Book Read Free

Into the Crossfire

Page 26

by Lisa Marie Rice


  Mike started up the vehicle and pulled out fast. She looked up to see Sam watching her, twisted in his seat, thick arm over the back.

  She stroked around the ugly slash in her father’s cheek and met Sam’s eyes. “I hate that man so much,” she said, voice low. “I wish he were alive so I could kill him again. Blow his head apart. Cut his black heart right out with your knife.”

  She meant every word and it surprised the hell out of her. If anyone had asked, she’d have assured them that she was tolerant and profoundly nonviolent. The feelings that coursed through her were utterly new, unwelcome, fierce.

  She wished with all her heart that she’d been the one to kill the two men.

  The men had been so brutal to her father, a helpless and sick man. They’d even tied him up, put his hands in restraints. Slashed his face open. It hurt her heart to think of it.

  And they had been perfectly willing to kill both of them to keep a secret. “I need to try to find out what they were looking for,” she told Sam.

  He nodded. “We’re vulnerable until we know.”

  The back of the driver’s seat held a pull-down tray, like on airplanes. She placed the intruder’s laptop on it, powered it up, and inserted her hard disk.

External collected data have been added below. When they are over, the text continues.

(* Let $\mathbb{K}$ be a field and let $\mathcal F=\{f_n(q)\}_{n=1}^\infty$ be a nonzero solution (i.e. $f_n\neq 0$ for some $n$) of the functional equation $f_{mn}(q)=f_m(q)f_n(q^m)$ for all $m,n\in\mathbb N$, with $f_n(q)\in\mathbb{K}[q]$. Then: (i) $f_1(q)=1$; (ii) $f_m(q)f_n(q^m)=f_n(q)f_m(q^n)$ for all $m,n\in\mathbb N$; (iii) writing each $f_n$ with $n\in\mathrm{supp}(\mathcal F)$ uniquely as $f_n(q)=a(n)q^{v(f_n)}g_n(q)$ with $a(n)\in\mathbb{K}\setminus\{0\}$, $v(f_n)\in\mathbb N_0$ and $g_n(q)\in\mathbb{K}[q]$ with $g_n(0)=1$, and setting $a(n)=0$, $g_n(q)=0$ for $n\notin\mathrm{supp}(\mathcal F)$, one has $a(mn)=a(m)a(n)$ for all $m,n\in\mathrm{supp}(\mathcal F)$; there is a nonnegative rational number $t$ with $v(f_n)=t(n-1)$ for all $n\in\mathrm{supp}(\mathcal F)$; and $\mathcal G=\{g_n(q)\}_{n=1}^\infty$ is again a solution of the same functional equation with $\mathrm{supp}(\mathcal G)=\mathrm{supp}(\mathcal F)$; (iv) there is a nonnegative rational number $s$ with $\deg(f_n)=s(n-1)$ for all $n\in\mathrm{supp}(\mathcal F)$.
   Context: $\mathbb N=\{1,2,3,\dots\}$, $\mathbb N_0=\mathbb N\cup\{0\}$. $\mathrm{supp}(\mathcal F)=\{n\in\mathbb N: f_n(q)\ne0\}$. For a nonzero polynomial $f$, $v(f)$ is the smallest exponent of $q$ occurring in $f$ with nonzero coefficient. *)

From HB Require Import structures.
From mathcomp Require Import all_boot all_order all_algebra.
Set Implicit Arguments. Unset Strict Implicit. Unset Printing Implicit Defensive.
Import Order.TTheory GRing.Theory Num.Theory.
Local Open Scope ring_scope.

(* The functional equation f_{mn}(q) = f_m(q) f_n(q^m) for all m, n in N = {1,2,...}.
   Sequences are indexed by nat; the value at index 0 is irrelevant. *)
Definition is_solution (K : fieldType) (f : nat -> {poly K}) : Prop :=
  forall m n : nat, (0 < m)%N -> (0 < n)%N -> f (m * n)%N = f m * (f n \Po 'X^m).

Definition in_supp (K : fieldType) (f : nat -> {poly K}) (n : nat) : bool :=
  (0 < n)%N && (f n != 0).

Definition vq (K : fieldType) (p : {poly K}) : nat := find (fun c => c != 0) p.

Definition decomposition (K : fieldType) (f : nat -> {poly K})
    (a : nat -> K) (g : nat -> {poly K}) : Prop :=
  forall n : nat, (0 < n)%N ->
    if in_supp f n then
      [/\ f n = a n *: ('X^(vq (f n)) * g n), a n != 0 & (g n).[0] = 1]
    else a n = 0 /\ g n = 0.

From HB Require Import structures.
From mathcomp Require Import all_boot all_order all_algebra.
From mathcomp Require Import zify.
From Stdlib Require Import Classical.
Import Order.TTheory GRing.Theory Num.Theory.
Local Open Scope ring_scope.
Set Implicit Arguments. Unset Strict Implicit.

(** Substituting [q^m] into [q^k h(q)] multiplies the valuation by [m] and
    keeps the constant term of [h]; degrees behave in the same way.  Since a
    polynomial is uniquely [q^k h] with [h(0) <> 0], the functional equation
    makes the lowest coefficient [a] multiplicative, passes to the normalized
    parts [g_n], and gives valuation and degree the form [d(mn) = d(m) + m d(n)].
    Comparing [d(mn)] with [d(nm)] yields [d(m)(n-1) = d(n)(m-1)], so
    [d(n)/(n-1)] is a constant. *)

Section Valuation.

Variable K : fieldType.
Implicit Types (p h : {poly K}) (k : nat).

Lemma vq_XnM k h : h`_0 != 0 -> vq ('X^k * h) = k.
Proof.
move=> h0; elim: k => [|k IHk].
  by rewrite mul1r /vq; case: (polyseq h) h0 => [|c s] /=; rewrite ?eqxx // => ->.
have nz : 'X^k * h != 0.
  by apply: contraNneq h0 => /(congr1 (coefp k)); rewrite /= coefXnM ltnn subnn coef0 => ->.
by rewrite exprS -mulrA mulrC /vq polyseqMX //= eqxx /= -/(vq _) IHk.
Qed.

Lemma vq_decompose p : p != 0 ->
  p = 'X^(vq p) * drop_poly (vq p) p /\ (drop_poly (vq p) p)`_0 != 0.
Proof.
move=> p0; rewrite coef_drop_poly add0n.
have hasp : has (fun c => c != 0) p.
  apply/hasP; exists (lead_coef p); last by rewrite lead_coef_eq0.
  by rewrite lead_coefE mem_nth // ltn_predL size_poly_gt0.
split; last exact: (nth_find 0 hasp).
have low0 : take_poly (vq p) p = 0.
  apply/polyP => i; rewrite coef_take_poly coef0.
  by case: ifP => // /(before_find 0) /negbFE /eqP.
by rewrite -[p in LHS](poly_take_drop (vq p)) low0 add0r mulrC.
Qed.

Lemma XnM_inj k1 k2 h1 h2 : h1`_0 != 0 -> h2`_0 != 0 ->
  'X^k1 * h1 = 'X^k2 * h2 -> k1 = k2 /\ h1 = h2.
Proof.
move=> h10 h20 E; have Ek : k1 = k2 by rewrite -(vq_XnM k1 h10) E vq_XnM.
split=> //; apply: (@mulfI _ 'X^k1); last by rewrite E Ek.
by rewrite -size_poly_eq0 size_polyXn.
Qed.

Lemma XnM_comp k h m : ('X^k * h) \Po 'X^m = 'X^(k * m) * (h \Po 'X^m).
Proof. by rewrite comp_polyM comp_Xn_poly mulnC exprM. Qed.

Lemma coef0_comp_Xn h m : (0 < m)%N -> (h \Po 'X^m)`_0 = h`_0.
Proof. by move=> m0; rewrite coef_comp_poly_Xn // dvdn0 div0n. Qed.

End Valuation.

Lemma twisted_additive_linear (S : pred nat) (d : nat -> nat) :
  (forall n, S n -> (0 < n)%N) ->
  (forall m n, S m -> S n -> d (m * n)%N = (d m + d n * m)%N) ->
  exists t : rat, 0 <= t /\ forall n, S n -> (d n)%:R = t * (n.-1)%:R.
Proof.
move=> Spos dM.
have cross m n : S m -> S n -> (d m * n.-1 = d n * m.-1)%N.
  move=> Sm Sn; have := dM _ _ Sm Sn; rewrite mulnC dM //.
  have := prednK (Spos _ Sm); have := prednK (Spos _ Sn); nia.
have [[n0 [Sn0 n0_gt1]]|no_gt1] := classic (exists n0, S n0 /\ (1 < n0)%N).
  exists ((d n0)%:R / (n0.-1)%:R); split; first by rewrite divr_ge0.
  move=> n Sn; have n0_1 : (n0.-1)%:R != 0 :> rat by rewrite pnatr_eq0; lia.
  by rewrite mulrAC -natrM cross // natrM mulfK.
exists 0; split=> // n Sn; rewrite mul0r.
have n1 : n = 1%N.
  apply/eqP; rewrite eqn_leq Spos // andbT leqNgt.
  by apply/negP => n_gt1; apply: no_gt1; exists n.
subst n; have d1 : d 1%N = 0%N by have := dM _ _ Sn Sn; rewrite muln1; lia.
by rewrite d1.
Qed.

Lemma decomposition_exists (K : fieldType) (f : nat -> {poly K}) :
  exists (a : nat -> K) (g : nat -> {poly K}), decomposition f a g.
Proof.
pose c n := (f n)`_(vq (f n)).
exists (fun n => if in_supp f n then c n else 0),
  (fun n => if in_supp f n then (c n)^-1 *: drop_poly (vq (f n)) (f n) else 0).
move=> n _; case Sn: (in_supp f n); last by [].
have [E c0] := vq_decompose (proj2 (andP Sn)).
rewrite coef_drop_poly add0n -/(c n) in c0.
split=> //; first by rewrite -scalerAr scalerA mulfV // scale1r -E.
by rewrite hornerZ horner_coef0 coef_drop_poly add0n mulVf.
Qed.

Section Solution.

Variables (K : fieldType) (f : nat -> {poly K}).
Hypothesis solf : is_solution f.

Lemma in_supp_gt0 n : in_supp f n -> (0 < n)%N.
Proof. by case/andP. Qed.

Lemma in_suppM m n : (0 < m)%N -> (0 < n)%N ->
  in_supp f (m * n) = in_supp f m && in_supp f n.
Proof.
move=> m0 n0; rewrite /in_supp muln_gt0 m0 n0 solf // mulf_eq0 negb_or.
by rewrite comp_poly_eq0 // size_polyXn ltnS.
Qed.

Lemma solution_f1 : (exists n, (0 < n)%N /\ f n != 0) -> f 1%N = 1.
Proof.
case=> n [n0 fn0]; have f1_0 : f 1%N != 0.
  by apply: contraNneq fn0 => f1_0; rewrite -[n]mul1n solf // f1_0 mul0r.
have := solf (m := 1) (n := 1) isT isT; rewrite muln1 expr1 comp_polyXr => E.
by apply: (mulfI f1_0); rewrite mulr1 -E.
Qed.

Lemma solution_sym m n : (0 < m)%N -> (0 < n)%N ->
  f m * (f n \Po 'X^m) = f n * (f m \Po 'X^n).
Proof. by move=> m0 n0; rewrite -!solf // mulnC. Qed.

Lemma deg_solutionM m n : in_supp f m -> in_supp f n ->
  (size (f (m * n)%N)).-1 = ((size (f m)).-1 + (size (f n)).-1 * m)%N.
Proof.
move=> /andP[m0 fm0] /andP[n0 fn0].
have fnX0 : f n \Po 'X^m != 0 by rewrite comp_poly_eq0 // size_polyXn ltnS.
have := size_comp_poly (f n) 'X^m; rewrite size_polyXn /= solf // size_mul //.
have := size_poly_gt0 (f m); have := size_poly_gt0 (f n \Po 'X^m).
rewrite fm0 fnX0; case: (size (f n \Po _)) => // y _; case: (size (f m)) => // x _.
by rewrite addnS /= => ->.
Qed.

Section Decomposition.

Variables (a : nat -> K) (g : nat -> {poly K}).
Hypothesis decf : decomposition f a g.

Lemma decomposition_supp n : in_supp f n ->
  [/\ f n = 'X^(vq (f n)) * (a n *: g n), (a n *: g n)`_0 = a n & a n != 0].
Proof.
move=> Sn; have := decf (in_supp_gt0 Sn); rewrite Sn => -[E an g0].
by rewrite coefZ -horner_coef0 g0 mulr1 -scalerAr.
Qed.

Lemma decompositionM m n : in_supp f m -> in_supp f n ->
  [/\ vq (f (m * n)%N) = (vq (f m) + vq (f n) * m)%N, a (m * n)%N = a m * a n
    & g (m * n)%N = g m * (g n \Po 'X^m)].
Proof.
move=> Sm Sn; have [m0 n0] := (in_supp_gt0 Sm, in_supp_gt0 Sn).
have Smn : in_supp f (m * n) by rewrite in_suppM // Sm.
have [Em cm am] := decomposition_supp Sm; have [En cn an] := decomposition_supp Sn.
have [Emn cmn amn] := decomposition_supp Smn.
set h := (a m *: g m) * ((a n *: g n) \Po 'X^m).
have ch : h`_0 = a m * a n by rewrite coef0M coef0_comp_Xn // cm cn.
have Ef : f (m * n)%N = 'X^(vq (f m) + vq (f n) * m) * h.
  by rewrite solf // {1}Em {1}En XnM_comp exprD mulrACA.
have [Ev Eh] : vq (f (m * n)%N) = (vq (f m) + vq (f n) * m)%N /\
    a (m * n)%N *: g (m * n)%N = h.
  by apply: XnM_inj; rewrite ?cmn ?ch ?mulf_neq0 // -Emn.
have Ea : a (m * n)%N = a m * a n by rewrite -cmn Eh.
split=> //; apply: (scalerI (mulf_neq0 am an)).
by rewrite -Ea Eh Ea /h comp_polyZ -scalerAr -scalerAl scalerA mulrC.
Qed.

Lemma decomposition_in_supp n : in_supp g n = in_supp f n.
Proof.
case: (posnP n) => [->|n0]; first by [].
have := decf n0; case: ifP => Sn.
  case=> _ _ g0; rewrite /in_supp n0; apply: contra_eq_neq g0 => ->.
  by rewrite horner0 eq_sym oner_eq0.
by case=> _ g0; rewrite /in_supp g0 eqxx andbF.
Qed.

Lemma decomposition_solution : is_solution g.
Proof.
have g0 k : (0 < k)%N -> ~~ in_supp f k -> g k = 0.
  by move=> k0 nSk; have := decf k0; rewrite (negbTE nSk) => -[].
move=> m n m0 n0; case: (boolP (in_supp f m && in_supp f n)) => [/andP[Sm Sn]|nS].
  by case: (decompositionM Sm Sn).
have nSmn : ~~ in_supp f (m * n) by rewrite in_suppM.
rewrite (g0 _ _ nSmn); last by rewrite muln_gt0 m0.
by case/nandP: nS => [/(g0 _ m0) ->|/(g0 _ n0) ->]; rewrite ?mul0r // comp_poly0 mulr0.
Qed.

End Decomposition.

End Solution.

Unset Implicit Arguments. Set Strict Implicit.

Theorem mainTheorem7 (K : fieldType) (f : nat -> {poly K}) :
  is_solution f ->
  (exists n : nat, (0 < n)%N /\ f n != 0) ->
  [/\ (* (i) *) f 1%N = 1,
      (* (ii) *) (forall m n : nat, (0 < m)%N -> (0 < n)%N ->
                   f m * (f n \Po 'X^m) = f n * (f m \Po 'X^n)),
      (* (iii) *)
      (exists (a : nat -> K) (g : nat -> {poly K}), decomposition f a g) /\
      (forall (a : nat -> K) (g : nat -> {poly K}), decomposition f a g ->
         [/\ (forall m n : nat, in_supp f m -> in_supp f n -> a (m * n)%N = a m * a n),
             (exists t : rat, 0 <= t /\
                forall n : nat, in_supp f n -> ((vq (f n))%:R : rat) = t * (n.-1)%:R),
             is_solution g
           & (forall n : nat, in_supp g n = in_supp f n)]) &
      (* (iv) *)
      exists s : rat, 0 <= s /\
        forall n : nat, in_supp f n -> (((size (f n)).-1)%:R : rat) = s * (n.-1)%:R].
Proof.
move=> solf nontrivial; split.
- exact: solution_f1.
- exact: solution_sym.
- split; first exact: decomposition_exists.
  move=> a g decf; split.
  + by move=> m n Sm Sn; case: (decompositionM solf decf Sm Sn).
  + apply: (@twisted_additive_linear (in_supp f) (fun n => vq (f n))).
      exact: in_supp_gt0.
    by move=> m n Sm Sn; case: (decompositionM solf decf Sm Sn).
  + exact: decomposition_solution decf.
  + exact: decomposition_in_supp decf.
- apply: (@twisted_additive_linear (in_supp f) (fun n => (size (f n)).-1)).
    exact: in_supp_gt0.
  exact: deg_solutionM.
Qed.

  In seconds, Outlook was open. She blocked out everything from her mind. The shock of nearly dying, her father, Sam…In seconds she was in that place where she lived when doing translations, a place of no distractions and utter concentration.

  She checked the files that had arrived between June 27 and June 29. Luckily, all in languages with a Latin alphabet. French, German, Spanish, Italian. She knew enough German and Italian to understand the topics of the texts. She went over every single file, one by one.

  Nothing. They were perfectly innocuous. All of them.

  “Anything?” Sam asked quietly.

  Nicole met his eyes. She shook her head, frustrated, went back to staring at the screen. “Nothing.”

  “Leave it,” Sam suggested. “Come back to it later, with a fresh mind. You’ve been traumatized, maybe you’re not seeing it.”

  She’d been traumatized, that was for sure, but not enough that she’d miss something important. She knew these files. Each file was from a customer she’d had for at least six months. One customer—the Port Authority of Marseilles—she’d had for years.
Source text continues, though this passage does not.